_Task goal_
Within the entries below, find the portion that opens with the line containing "(** * Polynomial bounds and pigeonhole *)" and closes with the line containing "have : (n + 1) ^ d1". Retype that portion exactly and only.

[Provided records — start]

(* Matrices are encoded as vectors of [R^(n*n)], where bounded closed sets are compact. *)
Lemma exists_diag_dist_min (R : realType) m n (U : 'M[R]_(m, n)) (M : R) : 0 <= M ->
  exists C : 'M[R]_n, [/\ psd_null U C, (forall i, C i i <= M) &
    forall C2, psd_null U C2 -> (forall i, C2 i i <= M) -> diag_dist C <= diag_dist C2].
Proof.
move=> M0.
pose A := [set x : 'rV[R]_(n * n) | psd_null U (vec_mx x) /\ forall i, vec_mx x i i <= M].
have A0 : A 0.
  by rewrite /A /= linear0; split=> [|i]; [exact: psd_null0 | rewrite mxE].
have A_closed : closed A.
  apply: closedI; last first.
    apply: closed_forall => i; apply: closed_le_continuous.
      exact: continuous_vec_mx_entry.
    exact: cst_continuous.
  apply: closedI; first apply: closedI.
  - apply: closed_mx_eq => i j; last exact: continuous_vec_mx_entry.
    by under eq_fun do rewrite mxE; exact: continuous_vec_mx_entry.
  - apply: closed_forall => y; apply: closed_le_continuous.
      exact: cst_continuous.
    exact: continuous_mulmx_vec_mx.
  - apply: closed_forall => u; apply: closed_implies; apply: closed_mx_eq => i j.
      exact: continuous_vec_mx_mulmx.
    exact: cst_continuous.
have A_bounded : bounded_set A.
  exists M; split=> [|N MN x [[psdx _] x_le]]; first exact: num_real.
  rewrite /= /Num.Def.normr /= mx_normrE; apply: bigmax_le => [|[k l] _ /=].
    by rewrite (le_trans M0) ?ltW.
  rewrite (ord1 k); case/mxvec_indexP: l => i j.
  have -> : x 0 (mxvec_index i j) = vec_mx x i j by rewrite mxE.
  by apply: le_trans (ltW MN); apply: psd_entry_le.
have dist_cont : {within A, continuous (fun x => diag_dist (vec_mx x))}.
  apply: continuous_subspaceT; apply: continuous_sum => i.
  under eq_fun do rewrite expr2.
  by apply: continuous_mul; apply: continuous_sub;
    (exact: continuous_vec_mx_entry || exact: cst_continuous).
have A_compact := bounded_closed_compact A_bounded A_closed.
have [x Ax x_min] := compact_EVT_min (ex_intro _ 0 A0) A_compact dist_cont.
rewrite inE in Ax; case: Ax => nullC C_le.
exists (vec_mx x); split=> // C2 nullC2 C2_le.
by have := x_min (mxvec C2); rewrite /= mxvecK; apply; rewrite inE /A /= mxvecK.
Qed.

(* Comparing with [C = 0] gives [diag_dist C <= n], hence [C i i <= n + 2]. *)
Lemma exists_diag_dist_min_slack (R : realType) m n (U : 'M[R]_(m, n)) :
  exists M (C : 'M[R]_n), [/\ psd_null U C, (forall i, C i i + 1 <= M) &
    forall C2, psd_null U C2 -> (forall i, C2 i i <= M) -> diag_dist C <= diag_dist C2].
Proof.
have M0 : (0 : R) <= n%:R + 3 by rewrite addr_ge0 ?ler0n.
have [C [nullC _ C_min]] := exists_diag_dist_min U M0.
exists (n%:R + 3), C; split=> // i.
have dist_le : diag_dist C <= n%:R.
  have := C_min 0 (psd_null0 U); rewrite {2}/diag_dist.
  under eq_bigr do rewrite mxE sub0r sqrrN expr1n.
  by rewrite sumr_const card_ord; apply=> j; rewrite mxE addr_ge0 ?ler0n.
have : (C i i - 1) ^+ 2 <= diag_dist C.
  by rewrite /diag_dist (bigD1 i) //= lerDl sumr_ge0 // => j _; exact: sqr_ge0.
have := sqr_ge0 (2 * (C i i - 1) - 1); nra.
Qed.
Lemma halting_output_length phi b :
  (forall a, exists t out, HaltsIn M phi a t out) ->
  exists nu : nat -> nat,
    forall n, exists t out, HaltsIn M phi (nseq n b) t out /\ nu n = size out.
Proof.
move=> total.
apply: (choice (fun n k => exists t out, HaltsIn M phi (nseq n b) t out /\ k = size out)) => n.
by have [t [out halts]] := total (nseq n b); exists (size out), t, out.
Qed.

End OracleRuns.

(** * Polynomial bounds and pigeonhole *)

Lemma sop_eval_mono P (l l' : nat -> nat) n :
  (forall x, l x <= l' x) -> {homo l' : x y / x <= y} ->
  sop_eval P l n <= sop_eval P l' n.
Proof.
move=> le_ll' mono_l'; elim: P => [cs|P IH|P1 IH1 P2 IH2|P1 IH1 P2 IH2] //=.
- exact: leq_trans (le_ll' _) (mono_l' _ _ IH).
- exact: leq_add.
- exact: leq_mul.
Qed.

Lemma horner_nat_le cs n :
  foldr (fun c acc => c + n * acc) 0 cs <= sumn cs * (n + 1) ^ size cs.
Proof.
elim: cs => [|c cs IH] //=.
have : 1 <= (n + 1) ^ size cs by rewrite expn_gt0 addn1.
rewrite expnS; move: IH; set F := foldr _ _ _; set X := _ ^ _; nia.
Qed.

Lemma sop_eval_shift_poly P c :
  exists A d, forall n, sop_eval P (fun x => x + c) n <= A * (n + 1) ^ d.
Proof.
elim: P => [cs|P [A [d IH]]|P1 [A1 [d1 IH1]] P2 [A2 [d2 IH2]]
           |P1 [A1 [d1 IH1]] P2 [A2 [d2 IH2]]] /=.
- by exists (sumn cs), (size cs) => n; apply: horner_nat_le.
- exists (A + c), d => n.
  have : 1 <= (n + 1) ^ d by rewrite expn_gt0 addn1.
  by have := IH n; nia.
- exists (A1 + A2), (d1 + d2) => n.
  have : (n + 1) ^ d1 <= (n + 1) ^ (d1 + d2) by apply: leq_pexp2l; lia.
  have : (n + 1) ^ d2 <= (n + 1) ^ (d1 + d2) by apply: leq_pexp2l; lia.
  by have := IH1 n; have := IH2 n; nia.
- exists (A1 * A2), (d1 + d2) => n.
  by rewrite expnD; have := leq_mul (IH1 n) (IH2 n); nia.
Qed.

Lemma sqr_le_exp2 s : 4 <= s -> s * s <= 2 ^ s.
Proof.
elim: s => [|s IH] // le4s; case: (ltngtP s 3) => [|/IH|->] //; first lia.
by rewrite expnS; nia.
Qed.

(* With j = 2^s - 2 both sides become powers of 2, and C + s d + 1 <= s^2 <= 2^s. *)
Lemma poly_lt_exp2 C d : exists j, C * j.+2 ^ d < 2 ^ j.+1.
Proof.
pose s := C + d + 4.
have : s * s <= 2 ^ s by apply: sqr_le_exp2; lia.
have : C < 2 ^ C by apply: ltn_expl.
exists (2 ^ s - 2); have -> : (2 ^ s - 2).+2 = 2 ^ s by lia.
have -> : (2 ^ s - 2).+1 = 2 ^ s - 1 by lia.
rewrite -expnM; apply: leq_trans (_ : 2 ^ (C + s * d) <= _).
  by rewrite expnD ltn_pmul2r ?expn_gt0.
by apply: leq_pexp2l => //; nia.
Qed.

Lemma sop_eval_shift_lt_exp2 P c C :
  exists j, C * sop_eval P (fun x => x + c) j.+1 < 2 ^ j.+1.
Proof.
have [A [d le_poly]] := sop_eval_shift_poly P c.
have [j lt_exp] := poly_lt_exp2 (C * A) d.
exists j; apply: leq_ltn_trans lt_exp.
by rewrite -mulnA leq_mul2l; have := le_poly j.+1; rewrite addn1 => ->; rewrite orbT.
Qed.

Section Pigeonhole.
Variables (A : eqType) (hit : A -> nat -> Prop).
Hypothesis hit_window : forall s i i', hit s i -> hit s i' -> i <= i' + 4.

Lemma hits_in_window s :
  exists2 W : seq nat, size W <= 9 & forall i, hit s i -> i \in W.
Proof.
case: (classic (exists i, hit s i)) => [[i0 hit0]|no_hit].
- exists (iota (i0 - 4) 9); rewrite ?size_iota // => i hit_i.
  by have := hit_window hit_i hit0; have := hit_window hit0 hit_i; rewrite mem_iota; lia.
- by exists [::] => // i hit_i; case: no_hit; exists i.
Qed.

[Provided records — finish]

_Response_
(** * Polynomial bounds and pigeonhole *)

Lemma sop_eval_mono P (l l' : nat -> nat) n :
  (forall x, l x <= l' x) -> {homo l' : x y / x <= y} ->
  sop_eval P l n <= sop_eval P l' n.
Proof.
move=> le_ll' mono_l'; elim: P => [cs|P IH|P1 IH1 P2 IH2|P1 IH1 P2 IH2] //=.
- exact: leq_trans (le_ll' _) (mono_l' _ _ IH).
- exact: leq_add.
- exact: leq_mul.
Qed.

Lemma horner_nat_le cs n :
  foldr (fun c acc => c + n * acc) 0 cs <= sumn cs * (n + 1) ^ size cs.
Proof.
elim: cs => [|c cs IH] //=.
have : 1 <= (n + 1) ^ size cs by rewrite expn_gt0 addn1.
rewrite expnS; move: IH; set F := foldr _ _ _; set X := _ ^ _; nia.
Qed.

Lemma sop_eval_shift_poly P c :
  exists A d, forall n, sop_eval P (fun x => x + c) n <= A * (n + 1) ^ d.
Proof.
elim: P => [cs|P [A [d IH]]|P1 [A1 [d1 IH1]] P2 [A2 [d2 IH2]]
           |P1 [A1 [d1 IH1]] P2 [A2 [d2 IH2]]] /=.
- by exists (sumn cs), (size cs) => n; apply: horner_nat_le.
- exists (A + c), d => n.
  have : 1 <= (n + 1) ^ d by rewrite expn_gt0 addn1.
  by have := IH n; nia.
- exists (A1 + A2), (d1 + d2) => n.
  have : (n + 1) ^ d1 <= (n + 1) ^ (d1 + d2) by apply: leq_pexp2l; lia.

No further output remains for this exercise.